Warum muß er denn nach Capri, Großmutter? fragte das Kind.  Haben die
Leute dort keinen Pfarrer, daß sie unsern borgen müssen?

Sei nicht so einfältig, sagte die Alte.  Genug haben sie da und die
schönsten Kirchen und sogar einen Einsiedler, wie wir ihn nicht haben.
Aber da ist eine vornehme Signora, die hat lange hier in Sorrent
gewohnt und war sehr krank, daß der Padre oft zu ihr mußte mit dem
Hochwürdigsten, wenn sie dachten, sie übersteht keine Nacht mehr.
Nun, die heilige Jungfrau hat ihr beigestanden, daß sie wieder frisch
und gesund worden ist und hat alle Tage im Meere baden können.  Als
sie von hier fort ist, nach Capri hinüber, hat sie noch einen schönen
Haufen Dukaten an die Kirche geschenkt und an das arme Volk, und hat
nicht fort wollen, sagen sie, ehe der Padre nicht versprochen hat,
sie drüben zu besuchen, daß sie ihm beichten kann.  Denn es ist
erstaunlich, was sie auf ihn hält.  Und wir können uns segnen, daß
wir ihn zum Pfarrer haben, der Gaben hat wie ein Erzbischof und dem
die hohen Herrschaften nachfragen.  Die Madonna sei mit ihm!--Und
damit winkte sie zum Schiffchen hinunter, das eben abstoßen wollte.

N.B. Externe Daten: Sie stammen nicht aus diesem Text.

Definition colax_modif (χ χ' : {χ : ColaxData | colax_laws χ})
  (m : forall a, hom (cx1 (proj1_sig χ) a) (cx1 (proj1_sig χ') a)) : Prop :=
  forall (a b : bob A) (f : cell a b),
    cx2 (proj1_sig χ') f · (m b ⋆ idm (lF F f))
    = (idm (lF G f) ⋆ m a) · cx2 (proj1_sig χ) f.
Arguments colax_modif : clear implicits.

Definition lax_modif (ψ ψ' : {ψ : LaxData | lax_laws ψ})
  (m : forall a, hom (lx1 (proj1_sig ψ) a) (lx1 (proj1_sig ψ') a)) : Prop :=
  forall (a b : bob A) (f : cell a b),
    (m b ⋆ idm (lF F f)) · lx2 (proj1_sig ψ) f
    = lx2 (proj1_sig ψ') f · (idm (lF G f) ⋆ m a).
Arguments lax_modif : clear implicits.

Lemma colax_modif_id χ : colax_modif χ χ (fun a => idm _).
Proof.
  intros a b f. rewrite !(hc1_id (blaws B)). apply id_square.
Qed.

Lemma colax_modif_comp χ χ' χ'' m n :
  colax_modif χ χ' m -> colax_modif χ' χ'' n ->
  colax_modif χ χ'' (fun a => n a · m a).
Proof.
  intros Hm Hn a b f. simpl.
  rewrite whiskR_comp, whiskL_comp. apply paste with (s' := cx2 (proj1_sig χ') f).
  - apply Hm.
  - apply Hn.
Qed.

Lemma lax_modif_id ψ : lax_modif ψ ψ (fun a => idm _).
Proof.
  intros a b f. rewrite !(hc1_id (blaws B)). symmetry. apply id_square.
Qed.

Lemma lax_modif_comp ψ ψ' ψ'' m n :
  lax_modif ψ ψ' m -> lax_modif ψ' ψ'' n ->
  lax_modif ψ ψ'' (fun a => n a · m a).
Proof.
  intros Hm Hn a b f. simpl.
  rewrite whiskR_comp, whiskL_comp. symmetry.
  apply paste with (s' := lx2 (proj1_sig ψ') f).
  - symmetry; apply Hm.
  - symmetry; apply Hn.
Qed.

Definition Colax : Category :=
  @FamCat {χ : ColaxData | colax_laws χ} (bob A) (fun a => cell (lobj F a) (lobj G a))
    (fun χ => cx1 (proj1_sig χ)) colax_modif colax_modif_id colax_modif_comp.

Definition Lax : Category :=
  @FamCat {ψ : LaxData | lax_laws ψ} (bob A) (fun a => cell (lobj F a) (lobj G a))
    (fun ψ => lx1 (proj1_sig ψ)) lax_modif lax_modif_id lax_modif_comp.

Definition Pseudo : Category :=
  FullSub (C := Colax)
    (fun χ => forall (a b : bob A) (f : cell a b), is_iso (cx2 (proj1_sig χ) f)).

End Transformations.

(** * The categories Z^w_l, Z^s_l, Z^w_r, Z^s_r.
    The lax monoidal functors F : E -> D = K(x,x), G : E -> C = K(y,y) are
    given by their data (functor, F^2, F^0); the (C,D)-bimodule category
    M = K(x,y) has actions c ▷ m = c ∘ m and m ◁ d = m ∘ d, and its
    associativity/unit constraints are those of the bicategory K. *)

Record LaxMonData (E : MonData) (K : BicatData) (x : bob K) := {
  lmF : Functor E (cell x x);
  lmF2 : forall Y X : E, hom (lmF Y ∘ lmF X) (lmF (tens Y X));
  lmF0 : hom (bid x) (lmF munit) }.
Arguments LaxMonData : clear implicits.
Arguments lmF {E K x} _.
Arguments lmF2 {E K x} _ _ _.
Arguments lmF0 {E K x} _.

Section Centers.
Variables (E : MonoidalCategory) (K : Bicategory) (x y : bob K)
          (F : LaxMonData E K x) (G : LaxMonData E K y).

Definition ZlData := {M : cell x y & forall X : E, hom (M ∘ lmF F X) (lmF G X ∘ M)}.

Definition Zl_laws (p : ZlData) : Prop :=
  let M := projT1 p in let σ := projT2 p in
  (forall (X X' : E) (u : hom X X'),
      (fmap (lmF G) u ⋆ idm M) · σ X = σ X' · (idm M ⋆ fmap (lmF F) u)) /\
  (forall Y X : E,
      (lmF2 G Y X ⋆ idm M) · bassoc_inv (lmF G Y) (lmF G X) M
      · (idm (lmF G Y) ⋆ σ X) · bassoc (lmF G Y) M (lmF F X)
      · (σ Y ⋆ idm (lmF F X)) · bassoc_inv M (lmF F Y) (lmF F X)
      = σ (tens Y X) · (idm M ⋆ lmF2 F Y X)) /\
  (σ munit · (idm M ⋆ lmF0 F) = (lmF0 G ⋆ idm M) · blu_inv M · bru M).

Definition Zl_mor (p q : {p : ZlData | Zl_laws p})
  (f : unit -> hom (projT1 (proj1_sig p)) (projT1 (proj1_sig q))) : Prop :=
  forall X : E, (idm (lmF G X) ⋆ f tt) · projT2 (proj1_sig p) X
                = projT2 (proj1_sig q) X · (f tt ⋆ idm (lmF F X)).
Arguments Zl_mor : clear implicits.

Definition ZrData := {M : cell x y & forall X : E, hom (lmF G X ∘ M) (M ∘ lmF F X)}.

Definition Zr_laws (p : ZrData) : Prop :=
  let M := projT1 p in let σ := projT2 p in
  (forall (X X' : E) (u : hom X X'),
      (idm M ⋆ fmap (lmF F) u) · σ X = σ X' · (fmap (lmF G) u ⋆ idm M)) /\
  (forall Y X : E,
      (idm M ⋆ lmF2 F Y X) · bassoc M (lmF F Y) (lmF F X)
      · (σ Y ⋆ idm (lmF F X)) · bassoc_inv (lmF G Y) M (lmF F X)
      · (idm (lmF G Y) ⋆ σ X) · bassoc (lmF G Y) (lmF G X) M
      = σ (tens Y X) · (lmF2 G Y X ⋆ idm M)) /\
  (σ munit · (lmF0 G ⋆ idm M) = (idm M ⋆ lmF0 F) · bru_inv M · blu M).

Definition Zr_mor (p q : {p : ZrData | Zr_laws p})
  (f : unit -> hom (projT1 (proj1_sig p)) (projT1 (proj1_sig q))) : Prop :=
  forall X : E, (f tt ⋆ idm (lmF F X)) · projT2 (proj1_sig p) X
                = projT2 (proj1_sig q) X · (idm (lmF G X) ⋆ f tt).
Arguments Zr_mor : clear implicits.

Lemma Zl_mor_id p : Zl_mor p p (fun _ => idm _).
Proof. intros X. rewrite !(hc1_id (blaws K)). symmetry; apply id_square. Qed.

Lemma Zl_mor_comp p q r m n :
  Zl_mor p q m -> Zl_mor q r n -> Zl_mor p r (fun i => n i · m i).
Proof.
  intros Hm Hn X. simpl. rewrite whiskR_comp, whiskL_comp. symmetry.
  apply paste with (s' := projT2 (proj1_sig q) X).
  - symmetry; apply Hm.
  - symmetry; apply Hn.
Qed.

Lemma Zr_mor_id p : Zr_mor p p (fun _ => idm _).
Proof. intros X. rewrite !(hc1_id (blaws K)). symmetry; apply id_square. Qed.

Lemma Zr_mor_comp p q r m n :
  Zr_mor p q m -> Zr_mor q r n -> Zr_mor p r (fun i => n i · m i).
Proof.
  intros Hm Hn X. simpl. rewrite whiskR_comp, whiskL_comp. symmetry.
  apply paste with (s' := projT2 (proj1_sig q) X).
  - symmetry; apply Hm.
  - symmetry; apply Hn.
Qed.

(** Z^w_l(F,M,G): morphisms (M,σ) -> (N,τ) are f : M => N with
    (id ▷ f) σ_X = τ_X (f ◁ id). (The index type [unit] only packages a
    single 2-cell f = f tt.) *)
Definition Z_wl : Category :=
  @FamCat {p : ZlData | Zl_laws p} unit (fun _ => cell x y)
    (fun p _ => projT1 (proj1_sig p)) Zl_mor Zl_mor_id Zl_mor_comp.

Definition Z_sl : Category :=
  FullSub (C := Z_wl) (fun p => forall X : E, is_iso (projT2 (proj1_sig p) X)).

Definition Z_wr : Category :=
  @FamCat {p : ZrData | Zr_laws p} unit (fun _ => cell x y)
    (fun p _ => projT1 (proj1_sig p)) Zr_mor Zr_mor_id Zr_mor_comp.

Definition Z_sr : Category :=
  FullSub (C := Z_wr) (fun p => forall X : E, is_iso (projT2 (proj1_sig p) X)).

End Centers.

Definition laxmon_of (E : MonoidalCategory) (K : Bicategory)
  (F : LaxFunctor (Del E) K) : LaxMonData E K (lobj F tt) :=
  {| lmF := lhom F tt tt;
     lmF2 := fun Y X => @lf2 _ _ F tt tt tt Y X;
     lmF0 := lf0 F tt |}.

(* Del(E) has a single object with hom-category E, so a colax transformation F => G
   amounts to one 1-cell M : F * -> G * with 2-cells M ∘ F X => G X ∘ M, and its three
   axioms (naturality, compatibility with F^2, G^2 and with F^0, G^0) are literally those
   of a left half-braiding; modifications are exactly the morphisms of Z^w_l.  Likewise
   lax transformations are right half-braidings.  In the strong case, inverting the
   half-braiding exchanges Z^s_r and Z^s_l: every axiom is a commutative square whose two
   parallel sides are invertible, and inverting those sides gives the square required on
   the other side. *)

From Stdlib Require Import Setoid ProofIrrelevance FunctionalExtensionality IndefiniteDescription.
Set Implicit Arguments.
Unset Strict Implicit.

Lemma transp_hom_irrel (C : Category) (a a' b b' : C) (p p' : a = a') (r r' : b = b')
  (f : hom a b) :
  transp_hom p r f = transp_hom p' r' f.
Proof. now rewrite (proof_irrelevance _ p p'), (proof_irrelevance _ r r'). Qed.

Lemma transp_hom_refl (C : Category) (a b : C) (ea : a = a) (eb : b = b) (f : hom a b) :
  transp_hom ea eb f = f.
Proof. exact (transp_hom_irrel ea eq_refl eb eq_refl f). Qed.

Lemma transp_hom_trans (C : Category) (a a' a'' b b' b'' : C) (p : a = a') (q : a' = a'')
  (r : b = b') (s : b' = b'') (f : hom a b) :
  transp_hom (eq_trans p q) (eq_trans r s) f = transp_hom q s (transp_hom p r f).
Proof. now destruct p, q, r, s. Qed.

Lemma transp_hom_fmap (C D : Category) (H : Functor C D) (a a' b b' : C)
  (p : a = a') (r : b = b') (f : hom a b) :
  transp_hom (f_equal H p) (f_equal H r) (fmap H f) = fmap H (transp_hom p r f).
Proof. now destruct p, r. Qed.

Lemma transp_hom_fullsub (C : Category) (P : C -> Prop) (a a' b b' : FullSub P)
  (p : a = a') (r : b = b') (f : hom a b) (g : hom a' b') :
  transp_hom (C := C) (f_equal (@proj1_sig _ _) p) (f_equal (@proj1_sig _ _) r) f = g ->
  transp_hom p r f = g.
Proof. now destruct p, r. Qed.

Lemma transp_hom_famcat O I Cf p R Rid Rcomp (o1 o1' o2 o2' : O)
  (e1 : o1 = o1') (e2 : o2 = o2') (m : hom (c0 := @FamCat O I Cf p R Rid Rcomp) o1 o2)
  (m' : hom (c0 := @FamCat O I Cf p R Rid Rcomp) o1' o2') :
  (forall i, transp_hom (f_equal (fun o => p o i) e1) (f_equal (fun o => p o i) e2)
               (proj1_sig m i) = proj1_sig m' i) ->
  transp_hom (C := @FamCat O I Cf p R Rid Rcomp) e1 e2 m = m'.
Proof.
  destruct e1, e2; intros h.
  apply sig_ext, functional_extensionality_dep; exact h.
Qed.

Lemma functor_eq_trans (C D : Category) (H1 H2 H3 : Functor C D) :
  functor_eq H1 H2 -> functor_eq H2 H3 -> functor_eq H1 H3.
Proof.
  intros [e1 h1] [e2 h2]; exists (fun a => eq_trans (e1 a) (e2 a)).
  intros; now rewrite transp_hom_trans, h1, h2.
Qed.

Lemma functor_eq_compl (C D D' : Category) (H : Functor D D') (H1 H2 : Functor C D) :
  functor_eq H1 H2 -> functor_eq (Fun_comp H H1) (Fun_comp H H2).
Proof.
  intros [e h]; exists (fun a => f_equal H (e a)).
  intros; simpl; now rewrite transp_hom_fmap, h.
Qed.

Lemma functor_eq_compr (C C' D : Category) (H : Functor C' C) (H1 H2 : Functor C D) :
  functor_eq H1 H2 -> functor_eq (Fun_comp H1 H) (Fun_comp H2 H).
Proof. intros [e h]; exists (fun a => e (H a)); intros; apply h. Qed.
(* Let $p>0$, let $X_p$ be the $p$-singular Cantor-type random variable with CDF $F_p$, and let $m_p$ and $e_p$ be its mean residual life and generalized mean residual life functions. Then: (i) $\mathbb E[X_p]=\dfrac32\cdot\dfrac{p}{2p+1}$. (ii) $m_p$ is continuous on $[0,1]$, $e_p$ is continuous on $(0,1)$, and for every $x\in(0,1)$, each of $m_p$ and $e_p$ is locally decreasing at $x$ if and only if $x\in[0,1]\setminus\mathcal C$. (iii) The equation $m_p(x)=x$ has a unique solution $x_p^*$ in $[0,1]$, given by $$x_p^*=\frac16+\frac{5p+4}{12(2p+1)}.$$ Moreover, $p\mapsto x_p^*$ is decreasing on $(0,\infty)$ and $x_p^*\in(3/8,1/2)$ for every $p>0$.
   Context: For $p>0$, the $p$-singular Cantor-type distribution has CDF $F_p:[0,1]\to\mathbb R$, defined as the unique real-valued, monotone nondecreasing function satisfying (a) $F_p(x/3)=F_p(x)/(p+1)$ for all $x\in[0,1]$, and (b) $F_p(1-x)=1-pF_p(x)$ for all $x\in[0,1/3]$. It is continuous, with $F_p(0)=0$, $F_p(1)=1$, and $F_p(x)=1/(p+1)$ for all $x\in[1/3,2/3]$. For $p=1$ it is the Cantor distribution. The Cantor set is $\mathcal C=\bigcap_{n\ge1}C_n$, where $C_0=[0,1]$ and $C_n=\tfrac13C_{n-1}\cup(\tfrac23+\tfrac13C_{n-1})$. The MRL function of $X_p$ is $m_p(x)=\frac{1}{1-F_p(x)}\int_x^1(1-F_p(u))\,du$ for $x<1$ and $m_p(x)=0$ for $x\ge1$. The generalized MRL function is $e_p(x)=m_p(x)/x$ for $0<x<1$. A function $f:(0,1)\to\mathbb R$ is locally decreasing at $x$ if there is an open neighborhood $U$ of $x$ such that $f|_U$ is non-increasing. *)

From Stdlib Require Import Reals Lra ClassicalEpsilon.
Open Scope R_scope.

(* F is the CDF of the p-singular Cantor-type distribution: the unique
   monotone nondecreasing real function on [0,1] satisfying (a) and (b). *)
Definition is_Fp (p : R) (F : R -> R) : Prop :=
  (forall x y, 0 <= x -> x <= y -> y <= 1 -> F x <= F y) /\
  (forall x, 0 <= x <= 1 -> F (x / 3) = F x / (p + 1)) /\
  (forall x, 0 <= x <= 1/3 -> F (1 - x) = 1 - p * F x).

Definition RInt (f : R -> R) (a b : R) : R :=
  epsilon (inhabits 0) (fun v => exists pr : Riemann_integrable f a b, RiemannInt pr = v).

(* Expectation of a [0,1]-valued random variable with CDF F. *)
Definition mean (F : R -> R) : R := RInt (fun u => 1 - F u) 0 1.

Definition mrl (F : R -> R) (x : R) : R :=
  if Rlt_dec x 1 then RInt (fun u => 1 - F u) x 1 / (1 - F x) else 0.

Definition gmrl (F : R -> R) (x : R) : R := mrl F x / x.

(* C_n: C_0 = [0,1], C_n = C_{n-1}/3 ∪ (2/3 + C_{n-1}/3). *)
Fixpoint in_Cn (n : nat) (x : R) : Prop :=
  match n with
  | O => 0 <= x <= 1
  | S k => in_Cn k (3 * x) \/ in_Cn k (3 * x - 2)
  end.

Definition cantor (x : R) : Prop := forall n, in_Cn n x.

(* f : (0,1) -> R is locally decreasing at x: there is an open neighbourhood
   U of x (taken as an open interval, intersected with the domain (0,1))
   on which f is non-increasing. *)
Definition loc_decr (f : R -> R) (x : R) : Prop :=
  exists d, 0 < d /\
    forall y z, x - d < y -> y <= z -> z < x + d -> 0 < y -> z < 1 -> f z <= f y.

Definition xstar (p : R) : R := 1/6 + (5 * p + 4) / (12 * (2 * p + 1)).

From Pilot Require Import Defs.
From Stdlib Require Import Reals Lra ClassicalEpsilon Classical.
From Coquelicot Require Import Coquelicot.
Open Scope R_scope.

(* By self-similarity an interval of length 3^-n carries F-mass at most
   (max(1,p)/(p+1))^n, so F is continuous and m = I/(1-F), with
   I(x) = int_x^1 (1-F), is continuous. Splitting [0,1] into thirds gives an
   equation for int_0^1 F = (p+2)/(4p+2), hence (i). The defect
   h(x) = I(x) - x(1-F(x)) vanishes exactly at the fixed points of m: it is
   affine on [1/3,2/3] with zero x_p^*, negative on (1/2,1), and on [0,1/3]
   the relation (p+1) h(x) = h(3x)/3 + p(2/3 + S/3 - 2x), S = int_0^1 F,
   together with a lower bound for h on [1/3,1], forces h > 0. Off the Cantor set F is locally
   constant, so m = I/const is non-increasing nearby. Near a Cantor point F
   has arbitrarily large difference quotients, and since I has slope at most 1
   this makes m, and then m/x, increase somewhere in every neighbourhood. *)

Lemma pow_le_one x n : 0 <= x <= 1 -> x ^ n <= 1.
Proof.
  intros hx. induction n as [|n IH]; simpl; [lra|].
  assert (0 <= x ^ n) by (apply pow_le; lra). nra.
Qed.

Lemma pow_one_third_small eps : 0 < eps -> exists n, (1/3) ^ n < eps.
Proof.
  intros heps.
  destruct (pow_lt_1_zero (1/3) ltac:(rewrite Rabs_right; lra) eps heps) as [n hn].
  exists n. specialize (hn n (le_n _)).
  rewrite Rabs_right in hn by (apply Rle_ge, pow_le; lra). exact hn.
Qed.

Lemma div_sub_div_ge_mul v g h : 0 <= v -> 0 < h -> h <= g -> g <= 1 ->
  v * (g - h) <= v / h - v / g.
Proof.
  intros hv hh hhg hg.
  replace (v / h - v / g) with (v * (g - h) / (g * h)) by (field; lra).
  assert (0 < g * h <= 1) by (split; nra).
  assert (0 <= v * (g - h)) by nra.
  apply Rmult_le_reg_r with (g * h); [lra|].
  replace (v * (g - h) / (g * h) * (g * h)) with (v * (g - h)) by (field; lra). nra.
Qed.

Lemma Defs_RInt_eq (f : R -> R) a b : ex_RInt f a b -> Defs.RInt f a b = RInt f a b.
Proof.
  intros hex. unfold Defs.RInt.
  destruct (epsilon_spec (inhabits 0)
              (fun v => exists pr : Riemann_integrable f a b, RiemannInt pr = v)) as [pr hpr].
  { exists (RiemannInt (ex_RInt_Reals_0 _ _ _ hex)), (ex_RInt_Reals_0 _ _ _ hex). reflexivity. }
  rewrite <- hpr. symmetry. apply RInt_Reals.
Qed.

(* Coquelicot's integral lemmas are stated for normed modules; their instances
   at R expose Rmult and Rplus, so that rewrite can match them. *)
Lemma RInt_ext_R (f g : R -> R) a b : (forall x, Rmin a b < x < Rmax a b -> f x = g x) ->
  RInt f a b = RInt g a b.
Proof. intros. apply (RInt_ext f g a b). auto. Qed.

Lemma RInt_scal_R (f : R -> R) k a b : ex_RInt f a b ->
  RInt (fun u => k * f u) a b = k * RInt f a b.
Proof. intros. apply (RInt_scal f a b k). auto. Qed.

Lemma RInt_comp_lin_R (f : R -> R) u v a b : ex_RInt f (u * a + v) (u * b + v) ->
  RInt (fun y => u * f (u * y + v)) a b = RInt f (u * a + v) (u * b + v).
Proof. intros. apply (RInt_comp_lin f u v a b). auto. Qed.

Lemma RInt_plus_R (f g : R -> R) a b : ex_RInt f a b -> ex_RInt g a b ->
  RInt (fun u => f u + g u) a b = RInt f a b + RInt g a b.
Proof. intros. apply (RInt_plus f g a b); auto. Qed.

Lemma RInt_const_R (c a b : R) : RInt (fun _ => c) a b = (b - a) * c.
Proof. apply (RInt_const a b c). Qed.

Lemma RInt_swap_R (f : R -> R) a b : ex_RInt f a b -> RInt f b a = - RInt f a b.
Proof. intros. symmetry. apply (opp_RInt_swap f a b). auto. Qed.

Lemma RInt_Chasles_R (f : R -> R) a b c : ex_RInt f a b -> ex_RInt f b c ->
  RInt f a b + RInt f b c = RInt f a c.
Proof. intros. apply (RInt_Chasles f a b c); auto. Qed.

Lemma RInt_le_const_bounds (f : R -> R) a b : a <= b -> ex_RInt f a b ->
  (forall x y, x <= y -> f x <= f y) -> (b - a) * f a <= RInt f a b <= (b - a) * f b.
Proof.
  intros hab hex hmono. rewrite <- !RInt_const_R.
  split; apply RInt_le; auto using ex_RInt_const; intros x hx; apply hmono; lra.
Qed.

Lemma ex_RInt_comp_lin_R (f : R -> R) u v a b : ex_RInt f (u * a + v) (u * b + v) ->
  ex_RInt (fun y => u * f (u * y + v)) a b.
Proof. intros. apply (ex_RInt_comp_lin f u v a b). auto. Qed.

Lemma ex_RInt_scal_R (f : R -> R) k a b : ex_RInt f a b -> ex_RInt (fun u => k * f u) a b.
Proof. intros. apply (ex_RInt_scal f a b k). auto. Qed.

Definition clamp01 x := Rmax 0 (Rmin 1 x).

Ltac clamp01_cases :=
  unfold clamp01 in *;
  repeat match goal with
  | |- context [Rmin 1 ?x] =>
      destruct (Rle_dec x 1); [rewrite (Rmin_right 1 x) by lra | rewrite (Rmin_left 1 x) by lra]
  | |- context [Rmax 0 ?x] =>
      destruct (Rle_dec 0 x); [rewrite (Rmax_right 0 x) by lra | rewrite (Rmax_left 0 x) by lra]
  end.

Lemma clamp01_range x : 0 <= clamp01 x <= 1.
Proof. clamp01_cases; lra. Qed.

Lemma clamp01_id x : 0 <= x <= 1 -> clamp01 x = x.
Proof. intros. clamp01_cases; lra. Qed.

Lemma clamp01_mono x y : x <= y -> clamp01 x <= clamp01 y.
Proof. intros. clamp01_cases; lra. Qed.

Lemma clamp01_lipschitz x y : Rabs (clamp01 x - clamp01 y) <= Rabs (x - y).
Proof. clamp01_cases; unfold Rabs; repeat destruct Rcase_abs; lra. Qed.

Definition F_area p := (p + 2) / (4 * p + 2).

Lemma F_area_bounds p : 0 < p -> 0 < F_area p < 1.
Proof.
  intros hp. unfold F_area. split; [apply Rdiv_lt_0_compat; lra|].
  apply Rmult_lt_reg_r with (4 * p + 2); [lra|]. field_simplify; lra.
Qed.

Werden wir klares Wetter haben, mein Sohn? fragte der kleine Priester
und sah bedenklich nach Neapel hinüber.

Die Sonne ist noch nicht heraus, erwiderte der Bursch.  Mit dem
bißchen Nebel wird sie schon fertig werden.

So fahr zu, daß wir vor der Hitze ankommen.

Antonino griff eben zu dem langen Ruder, um die Barke ins Freie zu
treiben, als er plötzlich innehielt und nach der Höhe des steilen
Weges hinaufsah, der von dem Städtchen Sorrent zur Marine hinabführt.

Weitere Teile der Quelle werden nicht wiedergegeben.